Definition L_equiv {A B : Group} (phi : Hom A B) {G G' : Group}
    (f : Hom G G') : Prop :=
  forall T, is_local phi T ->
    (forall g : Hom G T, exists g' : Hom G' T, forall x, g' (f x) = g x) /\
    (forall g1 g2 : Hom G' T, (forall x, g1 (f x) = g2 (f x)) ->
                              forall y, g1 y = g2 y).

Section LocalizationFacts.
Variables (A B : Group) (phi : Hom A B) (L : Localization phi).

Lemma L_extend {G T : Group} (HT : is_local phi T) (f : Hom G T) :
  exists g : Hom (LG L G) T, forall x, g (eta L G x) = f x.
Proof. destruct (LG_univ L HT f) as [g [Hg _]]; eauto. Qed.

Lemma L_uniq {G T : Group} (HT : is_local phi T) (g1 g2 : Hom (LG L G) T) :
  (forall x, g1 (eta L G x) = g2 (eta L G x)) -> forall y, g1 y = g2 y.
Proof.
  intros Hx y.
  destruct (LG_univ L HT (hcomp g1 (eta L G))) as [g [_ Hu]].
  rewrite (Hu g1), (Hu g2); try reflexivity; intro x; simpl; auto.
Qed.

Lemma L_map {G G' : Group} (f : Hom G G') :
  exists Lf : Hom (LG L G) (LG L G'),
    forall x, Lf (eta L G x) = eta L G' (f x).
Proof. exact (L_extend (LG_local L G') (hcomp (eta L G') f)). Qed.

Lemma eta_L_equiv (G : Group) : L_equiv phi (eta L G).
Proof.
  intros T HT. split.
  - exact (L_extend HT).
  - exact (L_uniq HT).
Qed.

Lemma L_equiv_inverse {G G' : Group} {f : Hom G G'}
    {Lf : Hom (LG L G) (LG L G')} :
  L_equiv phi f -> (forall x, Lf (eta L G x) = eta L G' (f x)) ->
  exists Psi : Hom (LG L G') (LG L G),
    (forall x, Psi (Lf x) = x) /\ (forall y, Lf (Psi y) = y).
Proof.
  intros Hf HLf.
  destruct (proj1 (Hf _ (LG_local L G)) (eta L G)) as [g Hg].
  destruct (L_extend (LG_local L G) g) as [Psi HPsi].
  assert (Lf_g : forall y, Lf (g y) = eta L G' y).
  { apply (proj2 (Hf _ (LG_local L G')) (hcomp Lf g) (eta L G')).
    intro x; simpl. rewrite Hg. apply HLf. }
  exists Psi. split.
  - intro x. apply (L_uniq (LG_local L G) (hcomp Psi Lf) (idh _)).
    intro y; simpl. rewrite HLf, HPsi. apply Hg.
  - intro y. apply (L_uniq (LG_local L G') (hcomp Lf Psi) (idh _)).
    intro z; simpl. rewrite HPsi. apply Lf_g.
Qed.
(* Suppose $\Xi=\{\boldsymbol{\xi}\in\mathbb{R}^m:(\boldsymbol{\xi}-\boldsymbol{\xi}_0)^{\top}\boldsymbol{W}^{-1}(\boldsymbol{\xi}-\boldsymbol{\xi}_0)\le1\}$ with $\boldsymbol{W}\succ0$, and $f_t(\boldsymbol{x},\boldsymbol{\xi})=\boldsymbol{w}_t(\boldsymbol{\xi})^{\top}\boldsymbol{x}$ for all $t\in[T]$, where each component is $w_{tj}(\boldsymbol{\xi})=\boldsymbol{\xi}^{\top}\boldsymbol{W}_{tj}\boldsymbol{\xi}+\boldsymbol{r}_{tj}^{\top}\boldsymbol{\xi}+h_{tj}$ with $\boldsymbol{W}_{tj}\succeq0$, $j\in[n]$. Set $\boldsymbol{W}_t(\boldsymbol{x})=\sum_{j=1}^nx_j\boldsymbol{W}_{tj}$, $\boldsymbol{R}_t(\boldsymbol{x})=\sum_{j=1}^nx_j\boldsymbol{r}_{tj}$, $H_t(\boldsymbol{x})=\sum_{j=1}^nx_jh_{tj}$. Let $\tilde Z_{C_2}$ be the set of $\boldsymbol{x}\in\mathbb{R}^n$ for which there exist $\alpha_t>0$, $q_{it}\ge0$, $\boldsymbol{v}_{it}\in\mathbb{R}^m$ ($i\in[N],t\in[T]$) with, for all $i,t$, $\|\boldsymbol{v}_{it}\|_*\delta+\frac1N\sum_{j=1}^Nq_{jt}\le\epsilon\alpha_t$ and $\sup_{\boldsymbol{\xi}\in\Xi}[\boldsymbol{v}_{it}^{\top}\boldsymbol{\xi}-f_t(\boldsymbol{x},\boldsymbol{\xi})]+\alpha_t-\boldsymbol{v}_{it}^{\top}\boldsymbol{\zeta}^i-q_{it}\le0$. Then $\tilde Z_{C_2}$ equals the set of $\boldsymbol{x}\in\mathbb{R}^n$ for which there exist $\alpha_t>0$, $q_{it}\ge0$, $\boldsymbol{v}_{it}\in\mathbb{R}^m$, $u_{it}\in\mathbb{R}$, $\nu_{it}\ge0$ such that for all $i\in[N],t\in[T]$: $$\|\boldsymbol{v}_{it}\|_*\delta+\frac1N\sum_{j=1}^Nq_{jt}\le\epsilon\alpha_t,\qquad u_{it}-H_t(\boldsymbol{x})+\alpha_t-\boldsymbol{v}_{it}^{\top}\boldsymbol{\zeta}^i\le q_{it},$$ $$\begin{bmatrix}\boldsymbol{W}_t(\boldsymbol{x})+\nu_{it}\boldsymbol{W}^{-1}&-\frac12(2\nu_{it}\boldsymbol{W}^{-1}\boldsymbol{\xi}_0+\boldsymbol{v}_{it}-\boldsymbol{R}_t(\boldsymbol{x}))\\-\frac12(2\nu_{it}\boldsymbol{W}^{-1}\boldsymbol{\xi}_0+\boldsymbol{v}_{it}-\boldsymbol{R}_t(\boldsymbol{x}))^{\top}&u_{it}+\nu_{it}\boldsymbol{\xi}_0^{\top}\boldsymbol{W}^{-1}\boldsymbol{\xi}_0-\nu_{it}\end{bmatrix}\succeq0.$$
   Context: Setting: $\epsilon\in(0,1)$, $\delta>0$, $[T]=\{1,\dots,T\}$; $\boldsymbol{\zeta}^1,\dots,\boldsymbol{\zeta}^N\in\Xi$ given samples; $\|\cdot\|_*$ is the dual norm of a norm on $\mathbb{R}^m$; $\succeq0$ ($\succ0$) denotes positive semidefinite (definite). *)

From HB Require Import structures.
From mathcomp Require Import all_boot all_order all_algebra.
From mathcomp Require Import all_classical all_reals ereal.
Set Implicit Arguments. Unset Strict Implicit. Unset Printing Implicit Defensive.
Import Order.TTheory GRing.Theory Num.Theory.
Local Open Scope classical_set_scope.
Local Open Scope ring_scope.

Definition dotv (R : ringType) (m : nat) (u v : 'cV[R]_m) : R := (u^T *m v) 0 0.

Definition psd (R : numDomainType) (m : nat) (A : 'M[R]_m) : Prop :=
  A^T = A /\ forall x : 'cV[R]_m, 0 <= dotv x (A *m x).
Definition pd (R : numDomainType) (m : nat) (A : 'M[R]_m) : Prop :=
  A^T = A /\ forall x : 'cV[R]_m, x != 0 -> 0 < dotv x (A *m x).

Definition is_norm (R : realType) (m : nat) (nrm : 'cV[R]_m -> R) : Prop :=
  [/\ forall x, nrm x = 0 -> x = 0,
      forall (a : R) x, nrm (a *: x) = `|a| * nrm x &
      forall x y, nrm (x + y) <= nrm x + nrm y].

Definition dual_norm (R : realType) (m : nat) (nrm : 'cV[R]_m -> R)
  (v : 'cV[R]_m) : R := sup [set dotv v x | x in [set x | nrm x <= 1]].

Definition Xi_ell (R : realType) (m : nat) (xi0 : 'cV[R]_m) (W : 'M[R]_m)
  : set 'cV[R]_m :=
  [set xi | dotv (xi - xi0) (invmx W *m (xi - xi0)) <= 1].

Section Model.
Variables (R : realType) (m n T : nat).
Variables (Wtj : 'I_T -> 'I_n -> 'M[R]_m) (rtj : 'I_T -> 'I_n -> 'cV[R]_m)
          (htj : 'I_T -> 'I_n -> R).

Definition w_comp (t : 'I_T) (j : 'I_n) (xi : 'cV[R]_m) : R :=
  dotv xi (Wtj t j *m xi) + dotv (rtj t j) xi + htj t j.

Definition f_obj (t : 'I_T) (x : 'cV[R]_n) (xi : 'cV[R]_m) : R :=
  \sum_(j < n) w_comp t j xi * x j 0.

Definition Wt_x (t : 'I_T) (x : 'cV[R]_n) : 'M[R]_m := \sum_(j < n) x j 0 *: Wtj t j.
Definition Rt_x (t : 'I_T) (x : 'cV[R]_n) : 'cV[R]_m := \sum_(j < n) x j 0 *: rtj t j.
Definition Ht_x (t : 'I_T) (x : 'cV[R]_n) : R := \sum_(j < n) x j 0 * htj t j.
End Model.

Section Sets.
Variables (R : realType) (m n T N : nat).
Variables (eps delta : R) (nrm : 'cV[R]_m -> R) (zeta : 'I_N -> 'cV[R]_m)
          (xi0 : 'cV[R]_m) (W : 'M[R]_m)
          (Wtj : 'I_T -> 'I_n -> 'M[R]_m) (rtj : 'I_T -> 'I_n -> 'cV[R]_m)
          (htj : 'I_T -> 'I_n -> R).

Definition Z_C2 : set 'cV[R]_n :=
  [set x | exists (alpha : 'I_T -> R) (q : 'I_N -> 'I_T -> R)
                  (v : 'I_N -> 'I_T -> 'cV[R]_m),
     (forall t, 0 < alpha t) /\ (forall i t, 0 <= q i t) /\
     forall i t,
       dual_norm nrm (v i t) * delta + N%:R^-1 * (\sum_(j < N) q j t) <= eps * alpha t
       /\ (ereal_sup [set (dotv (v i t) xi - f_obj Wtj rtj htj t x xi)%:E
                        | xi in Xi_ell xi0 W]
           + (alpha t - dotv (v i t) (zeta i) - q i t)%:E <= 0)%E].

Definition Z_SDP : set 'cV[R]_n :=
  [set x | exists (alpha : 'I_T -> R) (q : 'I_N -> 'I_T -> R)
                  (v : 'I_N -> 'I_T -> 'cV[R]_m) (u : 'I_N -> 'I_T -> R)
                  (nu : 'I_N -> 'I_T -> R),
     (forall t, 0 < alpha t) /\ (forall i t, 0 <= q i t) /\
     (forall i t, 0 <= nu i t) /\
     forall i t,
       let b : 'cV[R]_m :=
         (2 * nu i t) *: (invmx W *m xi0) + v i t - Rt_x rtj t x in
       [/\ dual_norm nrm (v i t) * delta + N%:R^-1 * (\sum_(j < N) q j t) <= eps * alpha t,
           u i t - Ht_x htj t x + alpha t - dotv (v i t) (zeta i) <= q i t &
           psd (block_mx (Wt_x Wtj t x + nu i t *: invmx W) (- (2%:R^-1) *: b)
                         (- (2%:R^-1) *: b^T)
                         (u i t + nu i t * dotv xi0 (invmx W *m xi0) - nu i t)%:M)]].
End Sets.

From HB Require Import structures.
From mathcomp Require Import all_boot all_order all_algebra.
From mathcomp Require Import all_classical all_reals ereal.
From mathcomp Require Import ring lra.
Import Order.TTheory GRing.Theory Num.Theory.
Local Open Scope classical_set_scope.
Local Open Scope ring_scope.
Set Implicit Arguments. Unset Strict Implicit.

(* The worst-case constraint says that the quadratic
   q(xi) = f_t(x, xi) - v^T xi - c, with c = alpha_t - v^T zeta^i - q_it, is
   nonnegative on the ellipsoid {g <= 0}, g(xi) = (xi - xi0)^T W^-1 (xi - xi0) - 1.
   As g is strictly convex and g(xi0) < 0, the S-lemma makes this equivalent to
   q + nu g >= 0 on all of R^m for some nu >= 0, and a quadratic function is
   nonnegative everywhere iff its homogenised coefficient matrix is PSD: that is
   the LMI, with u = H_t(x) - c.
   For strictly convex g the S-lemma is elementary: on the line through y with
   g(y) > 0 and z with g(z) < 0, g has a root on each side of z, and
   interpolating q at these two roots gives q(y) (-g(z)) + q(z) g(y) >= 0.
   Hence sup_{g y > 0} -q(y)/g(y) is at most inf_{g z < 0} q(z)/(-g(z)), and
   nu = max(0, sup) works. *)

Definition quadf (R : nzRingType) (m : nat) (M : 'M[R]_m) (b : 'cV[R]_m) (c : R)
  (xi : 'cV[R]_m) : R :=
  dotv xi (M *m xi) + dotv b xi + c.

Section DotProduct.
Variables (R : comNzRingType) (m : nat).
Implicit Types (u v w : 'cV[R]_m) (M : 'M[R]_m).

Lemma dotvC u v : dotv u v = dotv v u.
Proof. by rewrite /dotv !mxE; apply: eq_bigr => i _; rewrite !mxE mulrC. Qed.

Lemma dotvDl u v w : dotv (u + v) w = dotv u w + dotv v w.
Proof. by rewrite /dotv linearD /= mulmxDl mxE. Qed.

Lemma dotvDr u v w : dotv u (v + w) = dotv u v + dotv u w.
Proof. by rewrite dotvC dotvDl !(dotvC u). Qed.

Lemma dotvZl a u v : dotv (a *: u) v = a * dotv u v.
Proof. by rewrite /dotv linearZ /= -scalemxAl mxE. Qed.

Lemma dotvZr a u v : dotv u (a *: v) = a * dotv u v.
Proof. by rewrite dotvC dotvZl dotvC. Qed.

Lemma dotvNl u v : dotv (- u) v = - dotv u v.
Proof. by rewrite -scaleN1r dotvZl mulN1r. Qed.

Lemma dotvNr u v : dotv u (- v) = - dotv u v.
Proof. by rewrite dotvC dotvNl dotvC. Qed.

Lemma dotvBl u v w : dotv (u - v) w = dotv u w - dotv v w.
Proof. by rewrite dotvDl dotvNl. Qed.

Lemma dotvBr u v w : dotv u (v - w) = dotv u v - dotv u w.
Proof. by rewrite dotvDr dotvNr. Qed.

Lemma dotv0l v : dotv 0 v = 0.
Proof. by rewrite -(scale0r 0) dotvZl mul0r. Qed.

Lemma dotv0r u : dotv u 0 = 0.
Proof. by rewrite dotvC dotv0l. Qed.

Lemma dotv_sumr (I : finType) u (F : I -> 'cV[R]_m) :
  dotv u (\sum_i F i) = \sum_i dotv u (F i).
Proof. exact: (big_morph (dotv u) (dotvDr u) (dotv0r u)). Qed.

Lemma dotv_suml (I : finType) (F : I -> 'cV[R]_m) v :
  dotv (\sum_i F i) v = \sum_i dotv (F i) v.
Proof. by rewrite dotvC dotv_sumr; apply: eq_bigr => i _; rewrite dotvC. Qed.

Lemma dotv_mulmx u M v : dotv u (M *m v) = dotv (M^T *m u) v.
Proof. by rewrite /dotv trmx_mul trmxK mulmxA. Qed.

...

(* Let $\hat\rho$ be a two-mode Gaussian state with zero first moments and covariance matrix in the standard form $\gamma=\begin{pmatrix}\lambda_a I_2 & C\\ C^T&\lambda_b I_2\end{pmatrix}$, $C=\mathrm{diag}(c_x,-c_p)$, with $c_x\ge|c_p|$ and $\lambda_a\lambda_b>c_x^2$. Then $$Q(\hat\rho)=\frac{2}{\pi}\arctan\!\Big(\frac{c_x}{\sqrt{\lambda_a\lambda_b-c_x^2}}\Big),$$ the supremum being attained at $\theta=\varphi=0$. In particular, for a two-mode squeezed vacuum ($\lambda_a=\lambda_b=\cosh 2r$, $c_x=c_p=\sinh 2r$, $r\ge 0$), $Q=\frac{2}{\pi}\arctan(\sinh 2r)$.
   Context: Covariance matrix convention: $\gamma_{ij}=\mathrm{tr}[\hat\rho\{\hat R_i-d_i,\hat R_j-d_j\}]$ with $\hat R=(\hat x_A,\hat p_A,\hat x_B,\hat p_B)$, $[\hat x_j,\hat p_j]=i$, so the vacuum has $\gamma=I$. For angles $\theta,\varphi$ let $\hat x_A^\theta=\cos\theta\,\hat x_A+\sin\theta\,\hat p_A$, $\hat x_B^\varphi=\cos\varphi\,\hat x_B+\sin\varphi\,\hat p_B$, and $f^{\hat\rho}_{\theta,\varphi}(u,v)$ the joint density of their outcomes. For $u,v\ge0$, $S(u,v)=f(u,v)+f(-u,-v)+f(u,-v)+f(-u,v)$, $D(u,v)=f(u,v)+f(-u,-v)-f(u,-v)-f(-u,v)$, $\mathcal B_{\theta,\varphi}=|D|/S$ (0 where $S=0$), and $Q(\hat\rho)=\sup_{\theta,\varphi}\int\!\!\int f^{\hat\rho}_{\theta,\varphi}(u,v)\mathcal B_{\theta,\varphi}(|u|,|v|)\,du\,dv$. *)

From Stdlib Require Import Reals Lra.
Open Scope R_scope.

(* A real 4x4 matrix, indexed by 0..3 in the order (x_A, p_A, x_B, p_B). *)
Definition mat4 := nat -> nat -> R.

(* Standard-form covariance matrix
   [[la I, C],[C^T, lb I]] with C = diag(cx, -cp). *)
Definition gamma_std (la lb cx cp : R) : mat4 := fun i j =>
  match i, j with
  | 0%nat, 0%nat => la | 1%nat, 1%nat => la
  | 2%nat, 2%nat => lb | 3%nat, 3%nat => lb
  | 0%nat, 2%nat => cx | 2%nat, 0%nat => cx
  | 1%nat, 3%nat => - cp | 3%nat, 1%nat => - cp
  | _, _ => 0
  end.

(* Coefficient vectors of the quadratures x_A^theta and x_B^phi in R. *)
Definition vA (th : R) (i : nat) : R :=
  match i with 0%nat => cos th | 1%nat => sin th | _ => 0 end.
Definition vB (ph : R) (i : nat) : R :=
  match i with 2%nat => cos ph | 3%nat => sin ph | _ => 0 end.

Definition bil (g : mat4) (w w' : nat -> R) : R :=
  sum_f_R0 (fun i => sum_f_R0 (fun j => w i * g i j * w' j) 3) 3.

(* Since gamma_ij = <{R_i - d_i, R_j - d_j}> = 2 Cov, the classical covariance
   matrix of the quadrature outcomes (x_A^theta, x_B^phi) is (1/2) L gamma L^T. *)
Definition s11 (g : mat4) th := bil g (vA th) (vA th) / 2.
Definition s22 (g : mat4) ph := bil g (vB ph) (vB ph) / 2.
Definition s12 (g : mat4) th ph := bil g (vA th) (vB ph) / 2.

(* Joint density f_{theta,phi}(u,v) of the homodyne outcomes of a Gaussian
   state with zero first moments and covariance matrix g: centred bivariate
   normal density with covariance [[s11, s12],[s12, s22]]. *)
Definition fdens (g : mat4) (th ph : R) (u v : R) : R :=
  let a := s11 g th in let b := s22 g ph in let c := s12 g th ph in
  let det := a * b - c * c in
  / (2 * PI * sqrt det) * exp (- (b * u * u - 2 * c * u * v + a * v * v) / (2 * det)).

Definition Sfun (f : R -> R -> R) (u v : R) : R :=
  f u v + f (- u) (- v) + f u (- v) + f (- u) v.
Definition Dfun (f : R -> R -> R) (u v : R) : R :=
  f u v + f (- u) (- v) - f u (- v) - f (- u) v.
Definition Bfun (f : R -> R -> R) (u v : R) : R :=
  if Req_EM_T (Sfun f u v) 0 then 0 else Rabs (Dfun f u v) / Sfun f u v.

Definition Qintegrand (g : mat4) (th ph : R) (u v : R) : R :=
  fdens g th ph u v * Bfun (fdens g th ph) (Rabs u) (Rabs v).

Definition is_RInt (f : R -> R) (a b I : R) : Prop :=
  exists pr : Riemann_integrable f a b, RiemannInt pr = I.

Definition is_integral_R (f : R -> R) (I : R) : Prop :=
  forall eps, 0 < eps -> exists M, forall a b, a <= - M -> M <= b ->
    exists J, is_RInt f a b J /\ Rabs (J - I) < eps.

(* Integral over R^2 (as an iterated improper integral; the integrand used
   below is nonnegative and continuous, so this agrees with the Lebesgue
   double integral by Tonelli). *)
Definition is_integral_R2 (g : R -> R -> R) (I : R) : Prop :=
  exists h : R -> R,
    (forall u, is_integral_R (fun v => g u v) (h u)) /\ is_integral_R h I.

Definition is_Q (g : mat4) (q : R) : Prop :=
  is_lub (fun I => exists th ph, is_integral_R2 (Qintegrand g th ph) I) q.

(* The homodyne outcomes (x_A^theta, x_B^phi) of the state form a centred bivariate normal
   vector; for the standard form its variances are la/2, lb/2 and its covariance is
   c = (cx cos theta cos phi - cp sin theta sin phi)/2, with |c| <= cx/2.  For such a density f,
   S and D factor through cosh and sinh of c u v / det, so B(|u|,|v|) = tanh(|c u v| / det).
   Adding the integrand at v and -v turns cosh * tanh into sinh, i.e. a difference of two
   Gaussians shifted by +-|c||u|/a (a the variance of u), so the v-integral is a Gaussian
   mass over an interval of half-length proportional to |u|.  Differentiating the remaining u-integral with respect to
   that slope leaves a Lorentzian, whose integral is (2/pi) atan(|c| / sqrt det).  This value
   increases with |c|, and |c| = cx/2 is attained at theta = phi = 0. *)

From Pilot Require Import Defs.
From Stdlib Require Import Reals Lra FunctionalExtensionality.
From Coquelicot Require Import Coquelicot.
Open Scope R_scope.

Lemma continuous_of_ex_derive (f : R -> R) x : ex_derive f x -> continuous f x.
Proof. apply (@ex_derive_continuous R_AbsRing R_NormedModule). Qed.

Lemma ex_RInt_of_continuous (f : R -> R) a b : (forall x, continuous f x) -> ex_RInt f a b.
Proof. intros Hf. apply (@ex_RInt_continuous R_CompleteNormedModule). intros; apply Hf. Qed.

* * *

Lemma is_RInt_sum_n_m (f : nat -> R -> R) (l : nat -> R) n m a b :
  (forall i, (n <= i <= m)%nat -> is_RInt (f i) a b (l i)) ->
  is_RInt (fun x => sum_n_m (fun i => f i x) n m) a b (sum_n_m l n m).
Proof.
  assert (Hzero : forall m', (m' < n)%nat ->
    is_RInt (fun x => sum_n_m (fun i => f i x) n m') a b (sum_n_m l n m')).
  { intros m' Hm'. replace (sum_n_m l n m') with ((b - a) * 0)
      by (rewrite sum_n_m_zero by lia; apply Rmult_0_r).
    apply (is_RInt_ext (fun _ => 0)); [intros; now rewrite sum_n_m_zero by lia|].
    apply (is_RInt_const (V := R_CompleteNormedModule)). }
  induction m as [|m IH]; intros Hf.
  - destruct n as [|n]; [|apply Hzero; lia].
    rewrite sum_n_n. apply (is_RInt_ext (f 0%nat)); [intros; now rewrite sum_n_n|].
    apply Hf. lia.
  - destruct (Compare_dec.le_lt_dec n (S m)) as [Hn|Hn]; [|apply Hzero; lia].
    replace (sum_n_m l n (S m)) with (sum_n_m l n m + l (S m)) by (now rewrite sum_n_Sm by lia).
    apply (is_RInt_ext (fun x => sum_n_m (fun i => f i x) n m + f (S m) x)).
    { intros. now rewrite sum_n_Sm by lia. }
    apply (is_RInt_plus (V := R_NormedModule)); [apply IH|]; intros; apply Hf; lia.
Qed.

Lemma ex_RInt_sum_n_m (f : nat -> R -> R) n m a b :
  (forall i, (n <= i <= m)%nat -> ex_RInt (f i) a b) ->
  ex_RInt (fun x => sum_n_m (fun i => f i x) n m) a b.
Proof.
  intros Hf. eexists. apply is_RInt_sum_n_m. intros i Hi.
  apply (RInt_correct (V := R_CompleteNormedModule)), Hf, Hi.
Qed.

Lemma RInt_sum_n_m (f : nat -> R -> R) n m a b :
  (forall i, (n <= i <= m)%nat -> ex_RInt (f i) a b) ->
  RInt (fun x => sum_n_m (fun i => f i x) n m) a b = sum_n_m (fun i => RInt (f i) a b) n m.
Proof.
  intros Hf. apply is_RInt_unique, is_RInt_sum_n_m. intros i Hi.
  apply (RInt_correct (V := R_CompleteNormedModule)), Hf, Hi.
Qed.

YOUR ASSIGNMENT:
Copy out every line of the material above that contains the string "Bfun".

SOLUTION FOR THIS PROBLEM:
Definition Bfun (f : R -> R -> R) (u v : R) : R :=
  fdens g th ph u v * Bfun (fdens g th ph) (Rabs u) (Rabs v).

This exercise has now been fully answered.